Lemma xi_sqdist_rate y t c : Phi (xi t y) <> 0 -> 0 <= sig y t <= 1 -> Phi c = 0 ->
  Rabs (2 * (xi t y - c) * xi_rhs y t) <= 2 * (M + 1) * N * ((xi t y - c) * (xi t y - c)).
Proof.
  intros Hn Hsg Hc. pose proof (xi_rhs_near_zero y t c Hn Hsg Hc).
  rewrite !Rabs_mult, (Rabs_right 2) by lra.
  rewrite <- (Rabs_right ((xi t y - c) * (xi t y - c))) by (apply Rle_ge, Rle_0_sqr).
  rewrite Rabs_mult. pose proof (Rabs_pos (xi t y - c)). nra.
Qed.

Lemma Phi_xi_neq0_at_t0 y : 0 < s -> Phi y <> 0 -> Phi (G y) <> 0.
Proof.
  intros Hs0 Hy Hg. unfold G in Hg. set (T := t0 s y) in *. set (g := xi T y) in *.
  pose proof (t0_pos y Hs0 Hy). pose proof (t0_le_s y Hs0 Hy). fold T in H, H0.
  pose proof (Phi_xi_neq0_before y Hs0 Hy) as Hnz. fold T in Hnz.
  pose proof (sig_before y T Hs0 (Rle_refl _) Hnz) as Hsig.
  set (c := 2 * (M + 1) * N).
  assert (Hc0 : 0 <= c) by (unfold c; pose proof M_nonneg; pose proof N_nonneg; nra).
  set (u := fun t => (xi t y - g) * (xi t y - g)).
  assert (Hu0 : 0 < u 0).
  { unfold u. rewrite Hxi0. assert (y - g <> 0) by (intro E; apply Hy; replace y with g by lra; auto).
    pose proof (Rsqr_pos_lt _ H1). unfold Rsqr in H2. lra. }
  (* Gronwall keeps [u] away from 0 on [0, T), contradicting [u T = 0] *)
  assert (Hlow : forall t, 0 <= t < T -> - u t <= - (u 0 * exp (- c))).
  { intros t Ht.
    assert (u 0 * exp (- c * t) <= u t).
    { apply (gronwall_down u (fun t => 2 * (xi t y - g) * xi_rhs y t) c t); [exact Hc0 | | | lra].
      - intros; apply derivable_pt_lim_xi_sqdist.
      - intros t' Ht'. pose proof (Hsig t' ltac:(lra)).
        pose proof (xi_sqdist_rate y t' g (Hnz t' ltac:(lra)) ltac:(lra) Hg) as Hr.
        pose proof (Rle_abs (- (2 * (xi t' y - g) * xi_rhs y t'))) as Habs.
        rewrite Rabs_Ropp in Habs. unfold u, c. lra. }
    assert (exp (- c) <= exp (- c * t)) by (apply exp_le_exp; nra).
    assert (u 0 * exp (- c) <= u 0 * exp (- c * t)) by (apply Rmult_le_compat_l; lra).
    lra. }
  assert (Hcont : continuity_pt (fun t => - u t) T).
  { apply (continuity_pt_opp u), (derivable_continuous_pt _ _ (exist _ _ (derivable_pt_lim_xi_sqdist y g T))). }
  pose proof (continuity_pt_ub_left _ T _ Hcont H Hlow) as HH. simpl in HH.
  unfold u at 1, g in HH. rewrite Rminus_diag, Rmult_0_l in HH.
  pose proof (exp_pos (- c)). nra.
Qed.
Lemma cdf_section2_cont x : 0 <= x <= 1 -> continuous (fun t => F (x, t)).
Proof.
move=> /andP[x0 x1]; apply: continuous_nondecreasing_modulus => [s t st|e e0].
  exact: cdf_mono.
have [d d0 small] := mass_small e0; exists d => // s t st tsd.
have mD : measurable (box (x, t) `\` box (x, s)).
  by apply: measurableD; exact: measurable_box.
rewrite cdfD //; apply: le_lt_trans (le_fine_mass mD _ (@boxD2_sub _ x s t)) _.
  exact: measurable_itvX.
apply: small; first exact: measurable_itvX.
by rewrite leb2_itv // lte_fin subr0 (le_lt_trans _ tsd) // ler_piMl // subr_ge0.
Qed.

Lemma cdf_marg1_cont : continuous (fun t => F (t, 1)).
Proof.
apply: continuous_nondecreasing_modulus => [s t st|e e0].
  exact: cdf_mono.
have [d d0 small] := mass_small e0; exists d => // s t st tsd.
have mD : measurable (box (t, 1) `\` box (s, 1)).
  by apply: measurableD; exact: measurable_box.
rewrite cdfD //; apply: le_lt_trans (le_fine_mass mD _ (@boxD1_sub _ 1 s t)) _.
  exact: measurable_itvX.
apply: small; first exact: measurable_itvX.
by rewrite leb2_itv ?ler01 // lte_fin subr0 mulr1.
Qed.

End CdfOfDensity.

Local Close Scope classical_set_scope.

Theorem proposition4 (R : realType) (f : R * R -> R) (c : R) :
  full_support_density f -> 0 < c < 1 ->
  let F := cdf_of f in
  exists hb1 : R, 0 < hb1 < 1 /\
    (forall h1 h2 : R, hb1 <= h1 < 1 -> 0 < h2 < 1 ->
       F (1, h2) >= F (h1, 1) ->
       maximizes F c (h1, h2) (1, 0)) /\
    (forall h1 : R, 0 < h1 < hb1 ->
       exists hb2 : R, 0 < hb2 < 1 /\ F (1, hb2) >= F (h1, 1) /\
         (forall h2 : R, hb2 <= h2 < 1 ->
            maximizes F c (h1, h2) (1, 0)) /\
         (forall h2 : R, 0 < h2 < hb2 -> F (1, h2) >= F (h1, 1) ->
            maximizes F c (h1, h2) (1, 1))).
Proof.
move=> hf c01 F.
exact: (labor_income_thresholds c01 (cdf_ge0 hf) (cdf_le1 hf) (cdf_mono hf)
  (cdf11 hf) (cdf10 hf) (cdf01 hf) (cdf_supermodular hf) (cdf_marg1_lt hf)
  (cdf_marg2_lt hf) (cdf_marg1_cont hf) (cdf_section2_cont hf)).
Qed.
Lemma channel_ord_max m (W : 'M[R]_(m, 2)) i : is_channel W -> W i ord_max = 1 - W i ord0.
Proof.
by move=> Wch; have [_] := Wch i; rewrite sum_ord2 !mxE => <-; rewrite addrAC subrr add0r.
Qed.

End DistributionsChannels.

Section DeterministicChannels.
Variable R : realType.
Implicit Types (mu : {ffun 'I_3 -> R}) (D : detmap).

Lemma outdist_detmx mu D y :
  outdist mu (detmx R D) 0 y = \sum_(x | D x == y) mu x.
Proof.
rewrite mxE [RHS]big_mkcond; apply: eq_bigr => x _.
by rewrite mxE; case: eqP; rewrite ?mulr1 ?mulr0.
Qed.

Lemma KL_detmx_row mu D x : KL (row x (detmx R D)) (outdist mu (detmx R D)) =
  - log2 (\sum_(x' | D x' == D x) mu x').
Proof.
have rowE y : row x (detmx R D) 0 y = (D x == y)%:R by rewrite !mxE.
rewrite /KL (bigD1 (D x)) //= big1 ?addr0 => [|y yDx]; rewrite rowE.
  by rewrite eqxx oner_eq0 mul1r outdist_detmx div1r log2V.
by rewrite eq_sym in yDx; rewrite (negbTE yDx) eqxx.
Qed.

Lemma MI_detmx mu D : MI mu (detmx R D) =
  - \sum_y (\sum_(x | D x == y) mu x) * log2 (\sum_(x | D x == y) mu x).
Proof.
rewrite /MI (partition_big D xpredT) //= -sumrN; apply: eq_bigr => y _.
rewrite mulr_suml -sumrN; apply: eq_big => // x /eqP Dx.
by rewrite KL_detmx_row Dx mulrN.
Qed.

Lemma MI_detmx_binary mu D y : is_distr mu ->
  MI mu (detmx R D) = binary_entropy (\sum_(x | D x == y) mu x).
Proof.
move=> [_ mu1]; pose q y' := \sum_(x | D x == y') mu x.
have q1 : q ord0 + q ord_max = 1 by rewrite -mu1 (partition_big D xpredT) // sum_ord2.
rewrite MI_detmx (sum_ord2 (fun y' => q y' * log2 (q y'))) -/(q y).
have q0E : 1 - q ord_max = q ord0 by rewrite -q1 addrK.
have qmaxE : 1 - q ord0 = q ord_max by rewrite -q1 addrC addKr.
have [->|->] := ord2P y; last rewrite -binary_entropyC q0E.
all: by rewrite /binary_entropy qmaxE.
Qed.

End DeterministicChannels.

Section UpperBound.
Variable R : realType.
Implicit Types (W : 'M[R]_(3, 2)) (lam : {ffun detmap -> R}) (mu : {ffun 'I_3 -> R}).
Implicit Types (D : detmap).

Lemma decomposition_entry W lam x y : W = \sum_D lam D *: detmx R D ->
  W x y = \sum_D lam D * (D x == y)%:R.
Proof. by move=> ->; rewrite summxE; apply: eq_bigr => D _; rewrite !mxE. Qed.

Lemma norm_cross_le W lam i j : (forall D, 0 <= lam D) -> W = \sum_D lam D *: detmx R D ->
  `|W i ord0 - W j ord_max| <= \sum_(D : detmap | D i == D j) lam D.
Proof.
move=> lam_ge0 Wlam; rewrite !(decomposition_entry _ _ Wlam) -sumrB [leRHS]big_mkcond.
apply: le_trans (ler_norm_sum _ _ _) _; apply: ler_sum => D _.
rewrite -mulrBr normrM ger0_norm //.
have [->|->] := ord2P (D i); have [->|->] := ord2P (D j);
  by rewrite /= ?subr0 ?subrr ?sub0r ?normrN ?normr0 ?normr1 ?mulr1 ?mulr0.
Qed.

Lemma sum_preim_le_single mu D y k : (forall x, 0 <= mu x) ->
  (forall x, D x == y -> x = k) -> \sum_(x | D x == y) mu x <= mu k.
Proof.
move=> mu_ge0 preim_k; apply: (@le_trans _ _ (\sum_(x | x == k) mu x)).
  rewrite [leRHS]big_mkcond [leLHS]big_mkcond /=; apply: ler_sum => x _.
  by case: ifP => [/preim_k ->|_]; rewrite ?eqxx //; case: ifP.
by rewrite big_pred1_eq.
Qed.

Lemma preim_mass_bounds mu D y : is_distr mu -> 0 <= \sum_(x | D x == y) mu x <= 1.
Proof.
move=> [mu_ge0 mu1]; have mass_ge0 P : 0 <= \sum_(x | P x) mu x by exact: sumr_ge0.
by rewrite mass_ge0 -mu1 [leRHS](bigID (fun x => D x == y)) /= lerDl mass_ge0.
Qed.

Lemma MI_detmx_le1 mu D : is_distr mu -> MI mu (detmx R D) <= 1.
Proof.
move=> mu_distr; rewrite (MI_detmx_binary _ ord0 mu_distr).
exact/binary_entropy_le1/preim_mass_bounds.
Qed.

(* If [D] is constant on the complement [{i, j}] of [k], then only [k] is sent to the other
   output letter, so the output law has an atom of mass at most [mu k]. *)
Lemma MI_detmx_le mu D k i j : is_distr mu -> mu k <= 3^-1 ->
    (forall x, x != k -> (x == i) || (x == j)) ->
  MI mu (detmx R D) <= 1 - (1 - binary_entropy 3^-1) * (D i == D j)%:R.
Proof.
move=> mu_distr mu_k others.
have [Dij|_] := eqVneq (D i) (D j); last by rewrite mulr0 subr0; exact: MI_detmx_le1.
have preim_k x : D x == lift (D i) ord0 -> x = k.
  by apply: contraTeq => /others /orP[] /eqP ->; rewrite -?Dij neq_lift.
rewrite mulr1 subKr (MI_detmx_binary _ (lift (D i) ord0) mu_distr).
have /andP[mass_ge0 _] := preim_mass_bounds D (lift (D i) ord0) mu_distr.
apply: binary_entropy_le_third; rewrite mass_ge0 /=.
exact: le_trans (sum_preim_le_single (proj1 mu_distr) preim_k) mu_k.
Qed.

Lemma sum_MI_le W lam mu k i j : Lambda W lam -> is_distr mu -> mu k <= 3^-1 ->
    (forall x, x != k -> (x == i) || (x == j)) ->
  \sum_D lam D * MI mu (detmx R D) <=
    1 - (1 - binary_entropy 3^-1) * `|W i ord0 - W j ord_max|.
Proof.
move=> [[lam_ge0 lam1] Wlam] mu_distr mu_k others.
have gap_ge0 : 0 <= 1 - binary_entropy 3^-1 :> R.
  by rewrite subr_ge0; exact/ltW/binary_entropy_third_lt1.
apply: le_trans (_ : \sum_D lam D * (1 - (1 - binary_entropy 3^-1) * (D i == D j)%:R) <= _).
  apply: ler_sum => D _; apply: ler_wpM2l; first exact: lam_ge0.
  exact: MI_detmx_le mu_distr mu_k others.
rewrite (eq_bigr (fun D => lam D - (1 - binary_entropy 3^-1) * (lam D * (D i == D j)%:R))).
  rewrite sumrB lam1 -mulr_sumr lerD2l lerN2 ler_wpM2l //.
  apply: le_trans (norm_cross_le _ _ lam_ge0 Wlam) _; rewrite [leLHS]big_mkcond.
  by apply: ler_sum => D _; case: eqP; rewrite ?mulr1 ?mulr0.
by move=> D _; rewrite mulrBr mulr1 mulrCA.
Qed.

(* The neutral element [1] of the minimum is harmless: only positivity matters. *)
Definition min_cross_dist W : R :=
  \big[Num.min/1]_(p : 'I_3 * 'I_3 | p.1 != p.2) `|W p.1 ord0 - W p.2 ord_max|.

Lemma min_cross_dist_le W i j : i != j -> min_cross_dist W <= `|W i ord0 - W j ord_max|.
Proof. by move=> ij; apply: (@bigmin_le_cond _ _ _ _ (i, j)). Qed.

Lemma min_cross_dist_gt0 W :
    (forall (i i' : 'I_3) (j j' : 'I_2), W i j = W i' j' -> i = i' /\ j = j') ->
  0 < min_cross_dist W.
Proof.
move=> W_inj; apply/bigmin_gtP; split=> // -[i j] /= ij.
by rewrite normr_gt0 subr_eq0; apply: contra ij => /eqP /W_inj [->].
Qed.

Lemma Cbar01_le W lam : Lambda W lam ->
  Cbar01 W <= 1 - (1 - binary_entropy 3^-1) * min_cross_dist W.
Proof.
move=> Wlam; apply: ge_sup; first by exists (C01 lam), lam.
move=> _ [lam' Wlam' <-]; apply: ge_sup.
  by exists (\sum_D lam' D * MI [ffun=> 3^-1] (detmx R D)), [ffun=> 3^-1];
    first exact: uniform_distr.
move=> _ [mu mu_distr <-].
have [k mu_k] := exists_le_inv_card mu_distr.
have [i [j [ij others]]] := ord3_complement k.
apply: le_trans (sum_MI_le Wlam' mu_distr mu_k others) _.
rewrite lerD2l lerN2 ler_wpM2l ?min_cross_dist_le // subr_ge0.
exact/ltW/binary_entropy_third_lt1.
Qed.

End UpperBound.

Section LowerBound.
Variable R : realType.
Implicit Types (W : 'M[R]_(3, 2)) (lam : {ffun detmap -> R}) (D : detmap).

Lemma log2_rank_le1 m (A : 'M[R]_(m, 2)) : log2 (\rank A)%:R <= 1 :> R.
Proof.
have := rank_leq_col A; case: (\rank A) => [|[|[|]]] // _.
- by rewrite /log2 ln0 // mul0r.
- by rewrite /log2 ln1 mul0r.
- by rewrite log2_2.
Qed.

━━━━━━

## THE PROBLEM
There is a run of lines above from the one with "Lemma decomposition_entry W" to the one with "Lemma norm_cross_le W"; print exactly that run, both ends included, and nothing else.

## REPLY
Lemma decomposition_entry W lam x y : W = \sum_D lam D *: detmx R D ->
  W x y = \sum_D lam D * (D x == y)%:R.
Proof. by move=> ->; rewrite summxE; apply: eq_bigr => D _; rewrite !mxE. Qed.

Lemma norm_cross_le W lam i j : (forall D, 0 <= lam D) -> W = \sum_D lam D *: detmx R D ->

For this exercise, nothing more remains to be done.